## Information supplied:
※

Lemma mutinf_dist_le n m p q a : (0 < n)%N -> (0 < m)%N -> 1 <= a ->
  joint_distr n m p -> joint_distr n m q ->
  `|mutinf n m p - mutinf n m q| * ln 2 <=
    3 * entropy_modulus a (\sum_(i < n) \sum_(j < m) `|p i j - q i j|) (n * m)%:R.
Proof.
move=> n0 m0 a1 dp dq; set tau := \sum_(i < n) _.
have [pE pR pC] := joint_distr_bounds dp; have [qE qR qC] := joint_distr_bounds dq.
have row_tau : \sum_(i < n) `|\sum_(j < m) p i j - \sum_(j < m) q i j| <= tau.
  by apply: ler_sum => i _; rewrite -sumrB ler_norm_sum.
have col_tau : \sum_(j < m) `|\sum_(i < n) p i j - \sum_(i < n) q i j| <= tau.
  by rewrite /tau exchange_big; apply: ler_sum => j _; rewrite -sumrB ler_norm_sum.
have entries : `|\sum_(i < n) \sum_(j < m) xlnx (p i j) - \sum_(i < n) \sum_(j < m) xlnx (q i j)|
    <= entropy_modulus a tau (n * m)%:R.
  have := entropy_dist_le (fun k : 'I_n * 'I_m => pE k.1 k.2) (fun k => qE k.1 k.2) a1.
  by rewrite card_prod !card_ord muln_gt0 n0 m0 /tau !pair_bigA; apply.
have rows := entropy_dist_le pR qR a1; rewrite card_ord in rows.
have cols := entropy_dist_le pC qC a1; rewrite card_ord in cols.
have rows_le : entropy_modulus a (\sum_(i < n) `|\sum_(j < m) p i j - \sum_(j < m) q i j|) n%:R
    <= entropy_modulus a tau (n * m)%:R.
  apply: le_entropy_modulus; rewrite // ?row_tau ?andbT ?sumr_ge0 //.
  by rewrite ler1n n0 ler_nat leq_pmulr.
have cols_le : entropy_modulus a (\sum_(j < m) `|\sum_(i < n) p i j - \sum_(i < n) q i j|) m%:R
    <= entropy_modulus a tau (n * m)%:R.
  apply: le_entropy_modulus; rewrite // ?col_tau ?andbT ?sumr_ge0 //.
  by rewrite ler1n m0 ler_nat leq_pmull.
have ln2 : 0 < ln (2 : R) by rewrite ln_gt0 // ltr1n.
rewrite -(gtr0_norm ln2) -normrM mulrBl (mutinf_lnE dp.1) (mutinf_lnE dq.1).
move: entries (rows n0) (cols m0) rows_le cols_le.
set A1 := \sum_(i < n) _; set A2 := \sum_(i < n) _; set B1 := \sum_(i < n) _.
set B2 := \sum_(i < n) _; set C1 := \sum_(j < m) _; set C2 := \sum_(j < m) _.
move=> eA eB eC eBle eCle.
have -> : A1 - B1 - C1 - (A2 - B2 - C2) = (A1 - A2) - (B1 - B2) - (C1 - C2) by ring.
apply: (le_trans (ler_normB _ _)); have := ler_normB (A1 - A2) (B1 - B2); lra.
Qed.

※

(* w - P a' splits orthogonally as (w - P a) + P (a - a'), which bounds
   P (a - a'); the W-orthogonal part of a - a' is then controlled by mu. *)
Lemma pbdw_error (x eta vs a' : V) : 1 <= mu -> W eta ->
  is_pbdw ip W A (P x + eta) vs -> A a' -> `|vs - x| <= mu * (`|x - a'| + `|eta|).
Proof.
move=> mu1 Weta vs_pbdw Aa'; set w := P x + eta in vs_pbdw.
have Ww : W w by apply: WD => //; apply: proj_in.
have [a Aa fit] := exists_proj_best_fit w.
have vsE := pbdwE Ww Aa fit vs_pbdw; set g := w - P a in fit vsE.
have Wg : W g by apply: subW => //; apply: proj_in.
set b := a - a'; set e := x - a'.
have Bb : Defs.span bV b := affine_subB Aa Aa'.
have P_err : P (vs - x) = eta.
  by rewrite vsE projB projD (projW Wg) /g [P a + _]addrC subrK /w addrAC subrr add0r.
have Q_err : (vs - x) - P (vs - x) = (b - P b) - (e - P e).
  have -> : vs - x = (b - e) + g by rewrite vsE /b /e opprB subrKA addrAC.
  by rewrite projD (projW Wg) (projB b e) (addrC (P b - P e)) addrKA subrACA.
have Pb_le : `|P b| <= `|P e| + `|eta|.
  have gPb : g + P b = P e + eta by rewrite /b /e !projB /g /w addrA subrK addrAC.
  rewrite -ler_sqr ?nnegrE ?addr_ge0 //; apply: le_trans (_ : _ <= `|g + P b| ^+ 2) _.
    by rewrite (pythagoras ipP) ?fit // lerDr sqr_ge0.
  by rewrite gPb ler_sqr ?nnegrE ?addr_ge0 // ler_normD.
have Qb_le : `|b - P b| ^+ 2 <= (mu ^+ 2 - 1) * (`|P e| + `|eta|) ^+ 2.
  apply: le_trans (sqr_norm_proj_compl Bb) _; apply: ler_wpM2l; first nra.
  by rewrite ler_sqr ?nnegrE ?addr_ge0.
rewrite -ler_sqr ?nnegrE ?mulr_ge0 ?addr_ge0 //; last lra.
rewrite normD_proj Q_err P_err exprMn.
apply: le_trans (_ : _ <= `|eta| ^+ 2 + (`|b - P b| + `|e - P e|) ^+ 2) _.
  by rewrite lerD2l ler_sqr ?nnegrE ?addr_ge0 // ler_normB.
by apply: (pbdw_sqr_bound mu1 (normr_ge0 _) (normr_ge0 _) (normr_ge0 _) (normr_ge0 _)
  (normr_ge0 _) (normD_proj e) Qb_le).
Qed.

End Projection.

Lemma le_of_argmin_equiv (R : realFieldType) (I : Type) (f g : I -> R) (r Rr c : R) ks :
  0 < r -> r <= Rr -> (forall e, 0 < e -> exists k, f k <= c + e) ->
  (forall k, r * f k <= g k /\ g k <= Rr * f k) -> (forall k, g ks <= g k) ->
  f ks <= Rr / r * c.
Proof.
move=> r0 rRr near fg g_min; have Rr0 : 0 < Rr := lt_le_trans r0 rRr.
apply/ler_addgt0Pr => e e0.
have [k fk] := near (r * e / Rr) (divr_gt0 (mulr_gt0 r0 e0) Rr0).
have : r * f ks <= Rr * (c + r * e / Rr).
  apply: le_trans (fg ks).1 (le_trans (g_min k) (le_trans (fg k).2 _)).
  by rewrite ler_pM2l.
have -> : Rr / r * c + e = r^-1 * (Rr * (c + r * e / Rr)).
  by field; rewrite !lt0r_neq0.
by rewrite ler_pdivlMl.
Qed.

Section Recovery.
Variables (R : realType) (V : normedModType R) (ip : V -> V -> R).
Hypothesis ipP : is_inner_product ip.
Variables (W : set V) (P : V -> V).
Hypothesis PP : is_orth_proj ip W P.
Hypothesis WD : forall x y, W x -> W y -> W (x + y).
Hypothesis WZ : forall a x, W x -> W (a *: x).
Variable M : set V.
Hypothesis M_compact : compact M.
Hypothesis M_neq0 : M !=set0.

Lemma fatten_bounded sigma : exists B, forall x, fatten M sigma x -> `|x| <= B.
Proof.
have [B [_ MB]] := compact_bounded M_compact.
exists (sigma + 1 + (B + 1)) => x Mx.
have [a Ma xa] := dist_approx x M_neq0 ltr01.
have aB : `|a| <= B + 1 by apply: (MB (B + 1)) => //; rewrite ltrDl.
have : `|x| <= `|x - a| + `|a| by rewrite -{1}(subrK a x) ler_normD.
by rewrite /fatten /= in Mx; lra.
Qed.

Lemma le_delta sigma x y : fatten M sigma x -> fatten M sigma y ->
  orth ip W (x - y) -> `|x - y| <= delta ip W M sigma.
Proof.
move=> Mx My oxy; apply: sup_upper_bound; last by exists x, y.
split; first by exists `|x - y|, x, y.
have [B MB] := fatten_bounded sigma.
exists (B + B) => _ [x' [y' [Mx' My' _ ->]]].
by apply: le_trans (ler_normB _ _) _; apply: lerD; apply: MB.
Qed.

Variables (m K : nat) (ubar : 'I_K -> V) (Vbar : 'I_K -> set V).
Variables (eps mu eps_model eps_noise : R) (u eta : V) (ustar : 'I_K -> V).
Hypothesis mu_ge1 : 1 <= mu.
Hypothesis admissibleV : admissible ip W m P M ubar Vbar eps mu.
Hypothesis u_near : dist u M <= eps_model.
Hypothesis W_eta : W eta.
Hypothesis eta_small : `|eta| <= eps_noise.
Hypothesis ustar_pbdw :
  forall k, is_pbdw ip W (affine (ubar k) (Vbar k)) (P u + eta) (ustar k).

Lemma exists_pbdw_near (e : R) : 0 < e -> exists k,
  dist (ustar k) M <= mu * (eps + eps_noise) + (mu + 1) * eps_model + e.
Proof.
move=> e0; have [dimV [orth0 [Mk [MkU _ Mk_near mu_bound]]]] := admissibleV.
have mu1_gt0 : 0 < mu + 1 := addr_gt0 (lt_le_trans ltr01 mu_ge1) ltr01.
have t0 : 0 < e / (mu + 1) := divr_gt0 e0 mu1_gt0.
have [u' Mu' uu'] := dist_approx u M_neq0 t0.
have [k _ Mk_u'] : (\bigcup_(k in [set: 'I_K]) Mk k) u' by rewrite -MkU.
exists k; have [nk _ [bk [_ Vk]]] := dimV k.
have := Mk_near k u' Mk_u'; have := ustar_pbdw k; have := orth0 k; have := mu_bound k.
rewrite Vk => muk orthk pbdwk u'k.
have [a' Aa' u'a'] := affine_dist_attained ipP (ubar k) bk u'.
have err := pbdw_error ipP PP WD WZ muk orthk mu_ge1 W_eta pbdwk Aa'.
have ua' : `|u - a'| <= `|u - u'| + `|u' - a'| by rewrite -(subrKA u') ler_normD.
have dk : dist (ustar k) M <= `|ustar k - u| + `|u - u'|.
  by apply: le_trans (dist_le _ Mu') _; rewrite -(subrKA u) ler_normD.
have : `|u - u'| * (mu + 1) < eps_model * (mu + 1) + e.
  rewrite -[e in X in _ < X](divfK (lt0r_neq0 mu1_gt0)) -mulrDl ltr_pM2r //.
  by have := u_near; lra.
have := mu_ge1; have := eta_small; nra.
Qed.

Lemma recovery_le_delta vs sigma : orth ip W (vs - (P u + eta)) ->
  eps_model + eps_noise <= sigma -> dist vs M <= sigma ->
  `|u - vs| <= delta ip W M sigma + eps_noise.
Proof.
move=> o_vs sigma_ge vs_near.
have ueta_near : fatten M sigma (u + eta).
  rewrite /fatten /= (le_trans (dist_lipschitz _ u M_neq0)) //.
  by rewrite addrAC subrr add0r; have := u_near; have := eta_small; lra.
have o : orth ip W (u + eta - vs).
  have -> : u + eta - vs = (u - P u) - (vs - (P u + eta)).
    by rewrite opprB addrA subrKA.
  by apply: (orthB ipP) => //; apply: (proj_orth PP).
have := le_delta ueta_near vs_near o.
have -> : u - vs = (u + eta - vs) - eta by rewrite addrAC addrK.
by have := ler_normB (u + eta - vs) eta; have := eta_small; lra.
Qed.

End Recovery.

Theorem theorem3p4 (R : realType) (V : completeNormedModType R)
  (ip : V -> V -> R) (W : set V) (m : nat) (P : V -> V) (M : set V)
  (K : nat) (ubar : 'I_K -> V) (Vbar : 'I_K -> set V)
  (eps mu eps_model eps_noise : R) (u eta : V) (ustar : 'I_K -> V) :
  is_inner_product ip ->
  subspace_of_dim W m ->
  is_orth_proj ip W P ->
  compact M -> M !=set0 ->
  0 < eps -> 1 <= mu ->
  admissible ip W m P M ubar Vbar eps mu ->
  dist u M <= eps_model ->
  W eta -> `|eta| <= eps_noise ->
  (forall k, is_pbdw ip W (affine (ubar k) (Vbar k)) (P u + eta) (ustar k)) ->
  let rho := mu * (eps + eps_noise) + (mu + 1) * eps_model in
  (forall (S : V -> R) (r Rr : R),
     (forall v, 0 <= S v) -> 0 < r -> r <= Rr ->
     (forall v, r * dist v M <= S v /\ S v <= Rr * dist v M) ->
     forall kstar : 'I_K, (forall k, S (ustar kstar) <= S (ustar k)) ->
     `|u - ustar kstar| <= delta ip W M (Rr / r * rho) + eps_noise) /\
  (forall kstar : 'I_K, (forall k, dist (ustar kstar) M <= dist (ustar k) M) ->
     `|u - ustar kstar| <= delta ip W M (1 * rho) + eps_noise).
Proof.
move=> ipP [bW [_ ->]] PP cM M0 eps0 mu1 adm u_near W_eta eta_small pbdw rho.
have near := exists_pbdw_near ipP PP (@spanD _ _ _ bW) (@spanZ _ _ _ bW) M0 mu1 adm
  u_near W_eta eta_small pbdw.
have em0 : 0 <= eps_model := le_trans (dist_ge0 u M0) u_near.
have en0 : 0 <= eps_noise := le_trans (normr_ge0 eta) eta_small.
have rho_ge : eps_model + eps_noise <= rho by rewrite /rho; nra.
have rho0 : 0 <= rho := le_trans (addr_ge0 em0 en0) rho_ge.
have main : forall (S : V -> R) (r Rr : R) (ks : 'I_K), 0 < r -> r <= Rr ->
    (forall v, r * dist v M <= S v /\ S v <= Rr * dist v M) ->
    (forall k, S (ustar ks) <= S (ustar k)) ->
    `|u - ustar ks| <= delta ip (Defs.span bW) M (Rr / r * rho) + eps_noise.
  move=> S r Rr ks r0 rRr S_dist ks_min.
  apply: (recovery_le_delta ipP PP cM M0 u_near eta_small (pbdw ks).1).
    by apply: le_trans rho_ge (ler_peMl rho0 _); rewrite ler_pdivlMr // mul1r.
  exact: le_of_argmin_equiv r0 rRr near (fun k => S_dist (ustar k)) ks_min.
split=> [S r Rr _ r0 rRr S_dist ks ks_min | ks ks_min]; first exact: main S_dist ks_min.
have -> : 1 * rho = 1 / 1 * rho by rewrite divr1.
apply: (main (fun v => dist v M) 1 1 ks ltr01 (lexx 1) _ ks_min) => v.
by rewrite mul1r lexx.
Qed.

※

## Exercise prompt:
Produce only the lines from the line containing "have := entropy_dist_le" through the line containing "by rewrite ler1n m0 ler_nat leq_pmull.", inclusive of both, exactly as they stand in the entries above.

## Response area:
  have := entropy_dist_le (fun k : 'I_n * 'I_m => pE k.1 k.2) (fun k => qE k.1 k.2) a1.
  by rewrite card_prod !card_ord muln_gt0 n0 m0 /tau !pair_bigA; apply.
have rows := entropy_dist_le pR qR a1; rewrite card_ord in rows.
have cols := entropy_dist_le pC qC a1; rewrite card_ord in cols.
have rows_le : entropy_modulus a (\sum_(i < n) `|\sum_(j < m) p i j - \sum_(j < m) q i j|) n%:R
    <= entropy_modulus a tau (n * m)%:R.
  apply: le_entropy_modulus; rewrite // ?row_tau ?andbT ?sumr_ge0 //.
  by rewrite ler1n n0 ler_nat leq_pmulr.
have cols_le : entropy_modulus a (\sum_(j < m) `|\sum_(i < n) p i j - \sum_(i < n) q i j|) m%:R
    <= entropy_modulus a tau (n * m)%:R.
  apply: le_entropy_modulus; rewrite // ?col_tau ?andbT ?sumr_ge0 //.
  by rewrite ler1n m0 ler_nat leq_pmull.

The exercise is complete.